Most people work according to policies, workflows, and procedures. These build in “no” options simply by placing boundaries on our actions. For instance, consider a client who responds to statements about transition planning with an emphatic “I want to go home.” Rather than coming back with “You need to spend time in a rehab hospital first” (basically saying no with more words), how about saying “I understand wanting to go home, let's talk this through.” Follow this with open-ended questions to determine whether the person believes he or she will be safe going straight home, whether he or she has support systems, and perhaps adding in a few facts as to the person's current health state and self-care ability.

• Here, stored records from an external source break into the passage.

(* Let $p,q\in(0,1)$ be parameters of two Bernoulli distributions $[p,1-p]$ and $[q,1-q]$. Let $m\ge1$ be an integer such that $mp$ and $mq$ are integers. Define $l_{p2q}=\binom{m}{mp}q^{mp}(1-q)^{m-mp}$, the likelihood of observing empirical distribution $p$ from $m$ samples when the true distribution is $q$. Define $l_{q2p}=\binom{m}{mq}p^{mq}(1-p)^{m-mq}$ analogously. If $l_{p2q}>l_{q2p}$, then $D_{\chi^2}(p,q)<D_{\chi^2}(q,p)$.
   Context: For Bernoulli parameters $p,q\in(0,1)$, the $\chi^2$ divergence is $D_{\chi^2}(p,q)=\frac{p^2}{q}+\frac{(1-p)^2}{1-q}-1=\frac{(p-q)^2}{q(1-q)}$. *)

From mathcomp Require Import all_boot all_order all_algebra.
From mathcomp Require Import reals.
Set Implicit Arguments. Unset Strict Implicit. Unset Printing Implicit Defensive.
Import Order.TTheory GRing.Theory Num.Theory.
Local Open Scope ring_scope.

Definition chi2 {R : realType} (p q : R) : R :=
  p ^+ 2 / q + (1 - p) ^+ 2 / (1 - q) - 1.

Definition lik {R : realType} (m k : nat) (q : R) : R :=
  ('C(m, k))%:R * q ^+ k * (1 - q) ^+ (m - k).

(* As chi2 p q = (p - q)^2 / (q (1 - q)), the inequality
   chi2 q p <= chi2 p q says q (1 - q) <= p (1 - p); passing to (1 - p, 1 - q)
   if necessary, p <= q and p + q >= 1.  With a = m p and b = m q, multiplying
   both likelihoods by m^m p^a (1 - p)^(m - a) q^b (1 - q)^(m - b) splits the
   comparison into two factors:
   - 'C(m, k) k^k (m - k)^(m - k) grows as k moves away from m / 2, because
     (1 + 1/n)^n is nondecreasing (Bernoulli's inequality);
   - q^(a + b) (1 - q)^(2m - a - b) <= p^(a + b) (1 - p)^(2m - a - b): for
     c = (p + q) / 2 >= 1/2, the expected log-likelihood
     c ln x + (1 - c) ln (1 - x) is larger at x = c - d than at x = c + d,
     since the difference has derivative 2 d^2 (2c - 1) / (positive) in d. *)

From mathcomp Require Import all_boot all_order all_algebra.
From mathcomp Require Import boolp functions reals normedtype.
From mathcomp Require Import derive realfun exp.
From mathcomp Require Import ring lra zify.
Import Order.TTheory GRing.Theory Num.Theory.
Import numFieldNormedType.Exports.
Local Open Scope ring_scope.

(* [m ^+ m * lik m k (k / m)]: the likelihood of [k] successes at its maximiser. *)
Definition peak_lik {R : nzSemiRingType} (m k : nat) : R :=
  'C(m, k)%:R * k%:R ^+ k * (m - k)%:R ^+ (m - k).

Section RealDomain.
Variable R : realDomainType.

Lemma leq_of_natr_eq_mul (m k : nat) (p : R) :
  p <= 1 -> k%:R = m%:R * p -> (k <= m)%N.
Proof. by move=> p_le1 kE; rewrite -(ler_nat R) kE ler_piMr. Qed.

Lemma bernoulli_ineq (x : R) (k : nat) : -1 <= x -> 1 + k%:R * x <= (1 + x) ^+ k.
Proof.
move=> x_ge; elim: k => [|k IHk]; first by rewrite mul0r addr0.
have k_ge0 : 0 <= k%:R :> R by [].
rewrite exprS -natr1; apply: le_trans (ler_wpM2l _ IHk); nra.
Qed.

Lemma peak_lik_ge0 (m k : nat) : 0 <= peak_lik m k :> R.
Proof. by rewrite !mulr_ge0 ?exprn_ge0. Qed.

Lemma peak_lik_sym (m k : nat) : (k <= m)%N -> peak_lik m (m - k) = peak_lik m k :> R.
Proof. by move=> k_le_m; rewrite /peak_lik bin_sub // subKn // mulrAC. Qed.

End RealDomain.

Section RealField.
Variable R : realFieldType.

(* ((a + 1) / a)^a <= ((a + 2) / (a + 1))^(a + 1): Bernoulli at x = -1/(a + 1)^2. *)
Lemma euler_seq_succ (a : nat) : (1 <= a)%N ->
  a.+1%:R ^+ (a + a).+1 <= a%:R ^+ a * a.+2%:R ^+ a.+1 :> R.
Proof.
move=> a_ge1; set b : R := a%:R.
have b_ge1 : 1 <= b by rewrite ler1n.
have -> : a.+1%:R = b + 1 :> R by rewrite -natr1.
have -> : a.+2%:R = b + 2 :> R by rewrite -addn2 natrD.
have sq_ge1 : 1 <= (b + 1) ^+ 2 by rewrite expr_ge1 //; lra.
have := @bernoulli_ineq R (- ((b + 1) ^+ 2)^-1) a.+1.
rewrite lerNl opprK invf_le1 ?(lt_le_trans ltr01) // -natr1 -/b => /(_ sq_ge1).
have -> : 1 + (b + 1) * - ((b + 1) ^+ 2)^-1 = b / (b + 1) by field; lra.
have -> : 1 - ((b + 1) ^+ 2)^-1 = b * (b + 2) / (b + 1) ^+ 2 by field; lra.
rewrite expr_div_n -exprM ler_pdivrMr; last by lra.
rewrite mulrAC ler_pdivlMr; last by rewrite exprn_gt0 //; lra.
have -> : (2 * a.+1)%N = (a + a).+2 by lia.
have -> : (b * (b + 2)) ^+ a.+1 * (b + 1) =
    b * (b + 1) * (b ^+ a * (b + 2) ^+ a.+1).
  by rewrite exprMn exprS; ring.
have bb_gt0 : 0 < b * (b + 1) by rewrite mulr_gt0 //; lra.
by rewrite [(b + 1) ^+ (a + a).+2]exprS (mulrA b) ler_pM2l.
Qed.

(* (1 + 1/n)^n <= (1 + 1/y)^y, denominators cleared. *)
Lemma euler_seq_ndecr (n y : nat) : (n <= y)%N ->
  n.+1%:R ^+ n * y%:R ^+ y <= y.+1%:R ^+ y * n%:R ^+ n :> R.
Proof.
move=> /subnKC <-; elim: (y - n)%N => [|i IHi]; first by rewrite addn0 mulrC.
rewrite addnS; have [/eqP | y_gt0] := posnP (n + i).
  rewrite addn_eq0 => /andP[/eqP -> /eqP ->].
  by rewrite !expr0 !expr1 mul1r mulr1 ler_nat.
move: IHi y_gt0; clear y; set y := (n + i)%N => IHi y_gt0.
have yy_gt0 : 0 < y%:R ^+ y :> R by rewrite exprn_gt0 // ltr0n.
rewrite -(ler_pM2r yy_gt0) mulrAC.
apply: le_trans (ler_wpM2r (exprn_ge0 _ (ler0n _ _)) IHi) _.
have -> : y.+1%:R ^+ y * n%:R ^+ n * y.+1%:R ^+ y.+1 =
    n%:R ^+ n * y.+1%:R ^+ (y + y).+1 :> R.
  by rewrite -addnS exprD; ring.
have -> : y.+2%:R ^+ y.+1 * n%:R ^+ n * y%:R ^+ y =
    n%:R ^+ n * (y%:R ^+ y * y.+2%:R ^+ y.+1) :> R.
  by ring.
by rewrite ler_wpM2l ?exprn_ge0 ?euler_seq_succ.
Qed.

(* The ratio of the right to the left side is (1 + 1/k)^k / (1 + 1/n)^n. *)
Lemma peak_lik_succ (k n : nat) : (n <= k)%N ->
  peak_lik (k.+1 + n) k <= peak_lik (k.+1 + n) k.+1 :> R.
Proof.
move=> n_le_k; rewrite /peak_lik.
have -> : (k.+1 + n - k = n.+1)%N by lia.
have -> : (k.+1 + n - k.+1 = n)%N by lia.
have binS : k.+1%:R * 'C(k.+1 + n, k.+1)%:R = n.+1%:R * 'C(k.+1 + n, k)%:R :> R.
  by rewrite -!natrM mul_bin_left; congr (_ * _)%:R; lia.
have -> : 'C(k.+1 + n, k.+1)%:R * k.+1%:R ^+ k.+1 * n%:R ^+ n =
    (k.+1%:R * 'C(k.+1 + n, k.+1)%:R) * (k.+1%:R ^+ k * n%:R ^+ n) :> R.
  by rewrite exprS; ring.
have -> : 'C(k.+1 + n, k)%:R * k%:R ^+ k * n.+1%:R ^+ n.+1 =
    (n.+1%:R * 'C(k.+1 + n, k)%:R) * (n.+1%:R ^+ n * k%:R ^+ k) :> R.
  by rewrite exprS; ring.
by rewrite binS ler_wpM2l ?euler_seq_ndecr // mulr_ge0.
Qed.

Lemma peak_lik_ndecr (m k j : nat) : (m <= k + k)%N -> (k <= j)%N -> (j <= m)%N ->
  peak_lik m k <= peak_lik m j :> R.
Proof.
move=> m_le_kk; elim: j => [|j IHj]; first by rewrite leqn0 => /eqP ->.
rewrite leq_eqVlt => /orP[/eqP -> // | k_le_j] Sj_le_m.
apply: le_trans (IHj k_le_j (ltnW Sj_le_m)) _.
have := @peak_lik_succ j (m - j.+1); rewrite subnKC //; apply; lia.
Qed.

Lemma peak_lik_le (m k j : nat) : (k <= j)%N -> (j <= m)%N -> (m <= k + j)%N ->
  peak_lik m k <= peak_lik m j :> R.
Proof.
move=> k_le_j j_le_m m_le_kj.
have [m_le_kk | kk_lt_m] := leqP m (k + k); first exact: peak_lik_ndecr.
rewrite -peak_lik_sym; last by lia.
apply: peak_lik_ndecr; lia.
Qed.

End RealField.

Section LogLikelihood.
Variable R : realType.

Lemma is_derive_ln_affine (a s x : R) : 0 < a + s * x ->
  is_derive x 1 (fun u => ln (a + s * u)) (s / (a + s * x)).
Proof.
move=> pos.
have daff : is_derive x 1 (fun u : R => a + s * u) s.
  apply: is_derive_eq
    (is_deriveD (is_derive_cst a x 1) (is_deriveZ s (is_derive_id x 1))) _.
  by rewrite add0r /GRing.scale /= mulr1.
rewrite [s / _]mulrC.
exact: (@is_derive1_comp R (@ln R) (fun u => a + s * u) x _ _ (is_derive1_ln pos) daff).
Qed.

Definition loglik (c x : R) : R := c * ln x + (1 - c) * ln (1 - x).

Lemma is_derive_loglik_affine (c s t : R) : 0 < c + s * t < 1 ->
  is_derive t 1 (fun u => loglik c (c + s * u))
    (s * (c / (c + s * t) - (1 - c) / (1 - c - s * t))).
Proof.
move=> /andP[pos lt1].
have -> : (fun u => loglik c (c + s * u)) =
    c \*: (fun u => ln (c + s * u)) + (1 - c) \*: (fun u => ln (1 - c + - s * u)).
  by apply/funext => u; rewrite /loglik !fctE /= mulNr opprD addrA.
have dcompl := @is_derive_ln_affine (1 - c) (- s) t ltac:(lra).
apply: (is_derive_eq (is_deriveD (is_deriveZ c (is_derive_ln_affine _ _ _ pos))
                                 (is_deriveZ (1 - c) dcompl))).
rewrite /GRing.scale /=; field; lra.
Qed.

Lemma loglik_mirror_le (c d : R) : 1 / 2 <= c -> 0 <= d -> c + d < 1 ->
  loglik c (c + d) <= loglik c (c - d).
Proof.
move=> c_ge d_ge0 cd_lt1.
pose f t := loglik c (c + -1 * t) - loglik c (c + 1 * t).
pose df t := -1 * (c / (c + -1 * t) - (1 - c) / (1 - c - -1 * t)) -
              1 * (c / (c + 1 * t) - (1 - c) / (1 - c - 1 * t)).
have f_derive t : 0 <= t <= d -> is_derive t 1 f (df t).
  move=> /andP[t_ge0 t_le]; apply: is_deriveB; apply: is_derive_loglik_affine;
  by apply/andP; split; lra.
have in_seg t : t \in `]0, d[ -> 0 <= t <= d.
  by rewrite in_itv /= => /andP[? ?]; apply/andP; split; lra.
suff : f 0 <= f d by rewrite /f !mulr0 !addr0 subrr mulN1r mul1r subr_ge0.
apply: (@ger0_derive1_ndecr _ f 0 d) => //.
- by move=> t /in_seg /f_derive [].
- move=> t /in_seg t_seg; rewrite derive1E; have [_ ->] := f_derive t t_seg.
  case/andP: t_seg => t_ge0 t_le.
  have -> : df t = 2 * t ^+ 2 * (2 * c - 1) /
      ((c - t) * (c + t) * (1 - c + t) * (1 - c - t)).
    by rewrite /df; field; rewrite !lt0r_neq0 //; lra.
  by rewrite divr_ge0 ?mulr_ge0 ?sqr_ge0 //; lra.
- apply: derivable_within_continuous => t.
  by rewrite in_itv /= => /f_derive [].
Qed.

Lemma expr_mirror_le (p q k : R) (s t : nat) : 0 < p -> p <= q -> q < 1 ->
  1 <= p + q -> 0 <= k -> s%:R = k * (p + q) -> t%:R = k * (2 - (p + q)) ->
  q ^+ s * (1 - q) ^+ t <= p ^+ s * (1 - p) ^+ t.
Proof.
move=> p_gt0 p_le_q q_lt1 pq_ge1 k_ge0 sE tE.
set c := (p + q) / 2; set d := (q - p) / 2.
have ln_prod x : 0 < x -> x < 1 -> ln (x ^+ s * (1 - x) ^+ t) = 2 * k * loglik c x.
  move=> x_gt0 x_lt1.
  rewrite lnM ?posrE ?exprn_gt0 ?subr_gt0 // !lnXn ?subr_gt0 //.
  by rewrite -[ln x *+ _]mulr_natr -[ln (1 - x) *+ _]mulr_natr sE tE /loglik /c; field.
have q_gt0 : 0 < q by lra.
have p_lt1 : p < 1 by lra.
rewrite -ler_ln ?posrE ?mulr_gt0 ?exprn_gt0 ?subr_gt0 // !ln_prod //.
rewrite ler_wpM2l ?mulr_ge0 // (_ : q = c + d) 1?(_ : p = c - d);
  try by rewrite /c /d; field.
by apply: loglik_mirror_le; rewrite /c /d; lra.
Qed.

End LogLikelihood.

Section Likelihood.
Variable R : realType.

Lemma peak_likE {m k : nat} {p : R} : (k <= m)%N -> k%:R = m%:R * p ->
  peak_lik m k = m%:R ^+ m * lik m k p.
Proof.
move=> k_le_m kE.
have mE : m%:R ^+ m = m%:R ^+ k * m%:R ^+ (m - k) :> R by rewrite -exprD subnKC.
rewrite /peak_lik /lik natrB // kE mE.
have -> : m%:R - m%:R * p = m%:R * (1 - p) :> R by ring.
rewrite !exprMn; ring.
Qed.

Lemma lik_compl (m k : nat) (q : R) : (k <= m)%N -> lik m (m - k) (1 - q) = lik m k q.
Proof.
move=> k_le_m; rewrite /lik bin_sub // subKn //.
by rewrite (_ : 1 - (1 - q) = q) 1?mulrAC //; ring.
Qed.

Lemma lik_le_of_sum_ge1 (m a b : nat) (p q : R) :
  (0 < m)%N -> 0 < p -> p <= q -> q < 1 -> 1 <= p + q ->
  a%:R = m%:R * p -> b%:R = m%:R * q -> lik m a q <= lik m b p.
Proof.
move=> m_gt0 p_gt0 p_le_q q_lt1 pq_ge1 aE bE.
have q_gt0 : 0 < q by lra.
have p_lt1 : p < 1 by lra.
have a_le_m : (a <= m)%N by apply: leq_of_natr_eq_mul aE; lra.
have b_le_m : (b <= m)%N by apply: leq_of_natr_eq_mul bE; lra.
have a_le_b : (a <= b)%N by rewrite -(ler_nat R) aE bE ler_wpM2l.
have m_le_ab : (m <= a + b)%N by rewrite -(ler_nat R) natrD aE bE -mulrDr ler_peMr.
have peaks := @peak_lik_le R m a b a_le_b b_le_m m_le_ab.
have powers : q ^+ (a + b) * (1 - q) ^+ ((m - a) + (m - b)) <=
              p ^+ (a + b) * (1 - p) ^+ ((m - a) + (m - b)).
  apply: (@expr_mirror_le R p q m%:R) => //; rewrite natrD ?natrB // aE bE; ring.
set W := m%:R ^+ m * p ^+ a * (1 - p) ^+ (m - a) * q ^+ b * (1 - q) ^+ (m - b).
have W_gt0 : 0 < W by rewrite /W !mulr_gt0 ?exprn_gt0 ?ltr0n ?subr_gt0.
rewrite -(ler_pM2r W_gt0).
have -> : lik m a q * W =
    peak_lik m a * (q ^+ (a + b) * (1 - q) ^+ ((m - a) + (m - b))).
  by rewrite (peak_likE a_le_m aE) /lik /W !exprD; ring.
have -> : lik m b p * W =
    peak_lik m b * (p ^+ (a + b) * (1 - p) ^+ ((m - a) + (m - b))).
  by rewrite (peak_likE b_le_m bE) /lik /W !exprD; ring.
apply: ler_pM peaks powers; first exact: peak_lik_ge0.
by rewrite mulr_ge0 ?exprn_ge0 //; lra.
Qed.

Lemma lik_le_of_var_le (m a b : nat) (p q : R) :
  (0 < m)%N -> 0 < p < 1 -> 0 < q < 1 -> a%:R = m%:R * p -> b%:R = m%:R * q ->
  q * (1 - q) <= p * (1 - p) -> lik m a q <= lik m b p.
Proof.
move=> m_gt0 /andP[p_gt0 p_lt1] /andP[q_gt0 q_lt1] aE bE var_le.
have var_sub : 0 <= (q - p) * (p + q - 1) by nra.
have [p_lt_q | q_lt_p | pq] := ltgtP p q.
- have qp_gt0 : 0 < q - p by rewrite subr_gt0.
  have pq_ge1 : 1 <= p + q by rewrite -subr_ge0 -(pmulr_rge0 _ qp_gt0).
  by apply: lik_le_of_sum_ge1 => //; apply: ltW.
- have pq_gt0 : 0 < p - q by rewrite subr_gt0.
  have pq_le1 : p + q <= 1 by rewrite -subr_ge0 -(pmulr_rge0 _ pq_gt0); nra.
  have a_le_m : (a <= m)%N by apply: leq_of_natr_eq_mul aE; lra.
  have b_le_m : (b <= m)%N by apply: leq_of_natr_eq_mul bE; lra.
  rewrite -(@lik_compl m a q) // -(@lik_compl m b p) //.
  by apply: lik_le_of_sum_ge1; rewrite ?natrB ?aE ?bE //; lra.
- suff -> : a = b by rewrite pq lexx.
  by apply/eqP; rewrite -(eqr_nat R) aE bE pq.
Qed.

Lemma chi2_bernoulliE (p q : R) :
  0 < q < 1 -> chi2 p q = (p - q) ^+ 2 / (q * (1 - q)).
Proof. by case/andP=> q_gt0 q_lt1; rewrite /chi2; field; lra. Qed.

Lemma var_le_of_chi2_le (p q : R) : 0 < p < 1 -> 0 < q < 1 ->
  chi2 q p <= chi2 p q -> q * (1 - q) <= p * (1 - p).
Proof.
move=> p01 q01.
rewrite (@chi2_bernoulliE q p p01) (@chi2_bernoulliE p q q01) -sqrrN opprB.
have [-> // | p_neq_q] := eqVneq p q.
have sq_gt0 : 0 < (p - q) ^+ 2 by rewrite exprn_even_gt0 // subr_eq0.
case/andP: p01 => p_gt0 p_lt1; case/andP: q01 => q_gt0 q_lt1.
by rewrite ler_pM2l // lef_pV2 // posrE mulr_gt0 // subr_gt0.
Qed.

End Likelihood.

Theorem mainTheorem7 (R : realType) (p q : R) (m kp kq : nat) :
  0 < p < 1 -> 0 < q < 1 -> (1 <= m)%N ->
  kp%:R = m%:R * p -> kq%:R = m%:R * q ->
  lik m kp q > lik m kq p ->
  chi2 p q < chi2 q p.
Proof.
move=> p01 q01 m_gt0 kpE kqE; rewrite !ltNge; apply: contra => chi2_le.
by apply: lik_le_of_var_le => //; apply: var_le_of_chi2_le.
Qed.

Once you and the client have more information, you need to apply these new details and consider whether a home plan is a safe alternative. Avoid a showdown by giving the person a chance to think about your conversation. Let your client know you are going to reconsider the options and ask him or her to think about the possibility of a couple days of rehabilitation. This is where authentic client-centeredness begins. This also allows the conversation to continue versus ending it with an outright “no.” Our statements have meaning beyond definition. At best, they signal collaboration. At worst, they condescend and corrupt case manager–client trust.
Taking a “say yes” approach means making meaningful statements in order to build client trust. Serving as a facilitator means being there to help our clients achieve their goals. When we take a carefully considered approach, we begin to address Rule 4: There are no mistakes. We avoid the mistake of not understanding basic concepts of positive/negative, good/bad, and success/failure from our client's perspective. We avoid forcing a person into a transition plan that might let us check off a box but does not take client desires into account.
Can we completely avoid making mistakes? That is unlikely. However, in taking the time to consider information gleaned from our meaningful conversations, we may avoid falling into the trap of our work being reduced to as a checklist. Instead, the checklist becomes an essential safety mechanism. Today's professional case management shifts us into to a collaborative and creative client-centered practice, supporting clients as they strive toward their own goals.